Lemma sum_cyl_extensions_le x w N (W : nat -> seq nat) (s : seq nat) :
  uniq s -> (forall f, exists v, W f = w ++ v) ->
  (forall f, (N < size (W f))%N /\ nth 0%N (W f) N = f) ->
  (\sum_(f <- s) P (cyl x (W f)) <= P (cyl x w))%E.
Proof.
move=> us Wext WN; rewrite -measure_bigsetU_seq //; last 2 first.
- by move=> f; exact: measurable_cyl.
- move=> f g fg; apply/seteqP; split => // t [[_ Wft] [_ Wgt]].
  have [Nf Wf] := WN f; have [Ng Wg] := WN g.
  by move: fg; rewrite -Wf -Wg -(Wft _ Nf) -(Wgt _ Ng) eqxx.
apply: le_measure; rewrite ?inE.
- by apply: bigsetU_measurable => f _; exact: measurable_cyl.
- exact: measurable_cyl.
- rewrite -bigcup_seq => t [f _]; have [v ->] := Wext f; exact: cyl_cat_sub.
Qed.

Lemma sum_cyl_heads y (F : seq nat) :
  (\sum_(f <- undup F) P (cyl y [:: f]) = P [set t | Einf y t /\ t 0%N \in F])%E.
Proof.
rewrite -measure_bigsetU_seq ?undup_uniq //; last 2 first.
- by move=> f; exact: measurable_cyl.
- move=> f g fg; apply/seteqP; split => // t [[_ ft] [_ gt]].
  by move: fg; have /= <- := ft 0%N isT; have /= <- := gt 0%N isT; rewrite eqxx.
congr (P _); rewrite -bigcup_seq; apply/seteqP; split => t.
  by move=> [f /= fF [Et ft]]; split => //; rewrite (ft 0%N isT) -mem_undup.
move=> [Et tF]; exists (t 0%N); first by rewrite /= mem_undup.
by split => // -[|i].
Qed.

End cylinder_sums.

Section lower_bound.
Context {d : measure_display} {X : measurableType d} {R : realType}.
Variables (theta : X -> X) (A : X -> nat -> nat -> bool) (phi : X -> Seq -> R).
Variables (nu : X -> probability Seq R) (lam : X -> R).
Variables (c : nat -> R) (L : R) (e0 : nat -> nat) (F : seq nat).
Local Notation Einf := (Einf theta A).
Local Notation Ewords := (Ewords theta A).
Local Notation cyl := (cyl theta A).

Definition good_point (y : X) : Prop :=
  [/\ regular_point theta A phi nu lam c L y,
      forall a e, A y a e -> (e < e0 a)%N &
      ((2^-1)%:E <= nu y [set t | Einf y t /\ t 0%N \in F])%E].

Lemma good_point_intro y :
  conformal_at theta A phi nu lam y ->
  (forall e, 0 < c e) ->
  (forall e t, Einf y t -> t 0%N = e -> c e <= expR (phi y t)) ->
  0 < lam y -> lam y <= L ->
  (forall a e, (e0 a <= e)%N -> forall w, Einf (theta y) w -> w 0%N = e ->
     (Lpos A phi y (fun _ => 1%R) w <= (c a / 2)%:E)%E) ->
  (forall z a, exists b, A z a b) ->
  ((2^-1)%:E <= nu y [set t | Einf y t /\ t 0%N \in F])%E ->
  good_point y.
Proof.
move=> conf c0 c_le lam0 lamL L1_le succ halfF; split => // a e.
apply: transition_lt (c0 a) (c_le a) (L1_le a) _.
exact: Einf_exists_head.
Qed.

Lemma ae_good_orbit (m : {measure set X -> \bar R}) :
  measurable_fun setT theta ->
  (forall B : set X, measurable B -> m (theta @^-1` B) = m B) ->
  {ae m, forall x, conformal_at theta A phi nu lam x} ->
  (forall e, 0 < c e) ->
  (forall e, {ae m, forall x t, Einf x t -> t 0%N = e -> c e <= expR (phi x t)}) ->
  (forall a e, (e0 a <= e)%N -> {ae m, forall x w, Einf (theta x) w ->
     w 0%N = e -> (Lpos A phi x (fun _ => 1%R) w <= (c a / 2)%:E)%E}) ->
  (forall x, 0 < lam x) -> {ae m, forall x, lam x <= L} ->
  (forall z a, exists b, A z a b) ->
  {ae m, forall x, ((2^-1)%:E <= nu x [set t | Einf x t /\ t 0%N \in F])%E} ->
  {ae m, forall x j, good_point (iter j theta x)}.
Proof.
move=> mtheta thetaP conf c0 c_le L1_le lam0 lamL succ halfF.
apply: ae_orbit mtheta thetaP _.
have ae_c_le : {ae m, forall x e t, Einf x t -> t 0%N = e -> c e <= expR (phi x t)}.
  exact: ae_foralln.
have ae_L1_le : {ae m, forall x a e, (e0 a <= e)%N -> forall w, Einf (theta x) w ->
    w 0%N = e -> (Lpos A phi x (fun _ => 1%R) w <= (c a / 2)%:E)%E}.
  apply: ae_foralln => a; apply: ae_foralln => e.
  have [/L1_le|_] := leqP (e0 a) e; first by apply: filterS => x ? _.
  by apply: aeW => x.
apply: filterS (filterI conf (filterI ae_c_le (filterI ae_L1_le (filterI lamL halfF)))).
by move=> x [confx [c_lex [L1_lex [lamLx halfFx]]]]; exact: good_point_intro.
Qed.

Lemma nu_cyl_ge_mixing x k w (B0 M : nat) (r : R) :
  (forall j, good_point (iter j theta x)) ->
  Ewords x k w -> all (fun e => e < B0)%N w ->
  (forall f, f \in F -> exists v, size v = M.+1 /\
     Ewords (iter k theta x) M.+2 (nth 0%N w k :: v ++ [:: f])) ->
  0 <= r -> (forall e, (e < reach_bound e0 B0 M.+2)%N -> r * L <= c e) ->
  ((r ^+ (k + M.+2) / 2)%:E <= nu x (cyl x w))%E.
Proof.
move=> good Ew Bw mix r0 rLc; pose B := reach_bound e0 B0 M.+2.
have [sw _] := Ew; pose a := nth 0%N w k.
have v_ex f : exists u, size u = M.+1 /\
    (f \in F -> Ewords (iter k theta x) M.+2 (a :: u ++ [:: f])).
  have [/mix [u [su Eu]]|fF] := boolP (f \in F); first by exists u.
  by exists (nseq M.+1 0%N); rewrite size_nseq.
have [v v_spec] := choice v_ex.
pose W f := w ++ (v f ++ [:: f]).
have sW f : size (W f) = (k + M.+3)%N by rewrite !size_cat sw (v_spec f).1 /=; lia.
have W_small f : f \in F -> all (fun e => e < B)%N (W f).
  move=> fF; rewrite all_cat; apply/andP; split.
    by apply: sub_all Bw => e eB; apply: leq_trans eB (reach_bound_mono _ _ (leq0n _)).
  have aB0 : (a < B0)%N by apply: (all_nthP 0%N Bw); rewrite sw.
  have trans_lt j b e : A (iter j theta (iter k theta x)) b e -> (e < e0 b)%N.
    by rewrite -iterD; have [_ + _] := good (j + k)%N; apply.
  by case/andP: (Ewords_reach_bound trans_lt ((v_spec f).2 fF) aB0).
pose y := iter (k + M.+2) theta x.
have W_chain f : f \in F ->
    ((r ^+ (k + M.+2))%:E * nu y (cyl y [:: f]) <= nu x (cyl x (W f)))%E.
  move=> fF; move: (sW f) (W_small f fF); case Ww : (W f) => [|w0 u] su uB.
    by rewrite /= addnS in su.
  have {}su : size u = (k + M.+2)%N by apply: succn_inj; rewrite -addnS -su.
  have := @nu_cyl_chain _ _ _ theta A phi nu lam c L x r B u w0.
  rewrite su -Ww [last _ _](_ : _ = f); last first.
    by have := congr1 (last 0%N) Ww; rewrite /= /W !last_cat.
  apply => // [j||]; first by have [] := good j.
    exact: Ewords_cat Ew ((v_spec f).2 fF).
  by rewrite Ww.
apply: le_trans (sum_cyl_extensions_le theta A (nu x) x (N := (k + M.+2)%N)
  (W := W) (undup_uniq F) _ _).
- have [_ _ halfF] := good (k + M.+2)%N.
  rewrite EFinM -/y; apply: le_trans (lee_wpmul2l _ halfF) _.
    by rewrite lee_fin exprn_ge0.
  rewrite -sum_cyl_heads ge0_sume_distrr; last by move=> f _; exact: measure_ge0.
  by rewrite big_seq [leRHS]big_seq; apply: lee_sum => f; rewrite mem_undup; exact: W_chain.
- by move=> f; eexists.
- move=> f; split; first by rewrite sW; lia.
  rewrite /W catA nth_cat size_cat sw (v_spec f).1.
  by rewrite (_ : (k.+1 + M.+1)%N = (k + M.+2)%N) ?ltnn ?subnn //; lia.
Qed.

==*==

# ASSIGNMENT:
The response should hold exactly the lines starting at the line with "(forall x, 0" and ending at the line with "apply: ae_orbit mtheta thetaP _.", and no other line of the material above.

# RESPONSE FOR THIS EXERCISE:
  (forall x, 0 < lam x) -> {ae m, forall x, lam x <= L} ->
  (forall z a, exists b, A z a b) ->
  {ae m, forall x, ((2^-1)%:E <= nu x [set t | Einf x t /\ t 0%N \in F])%E} ->
  {ae m, forall x j, good_point (iter j theta x)}.
Proof.
move=> mtheta thetaP conf c0 c_le L1_le lam0 lamL succ halfF.
apply: ae_orbit mtheta thetaP _.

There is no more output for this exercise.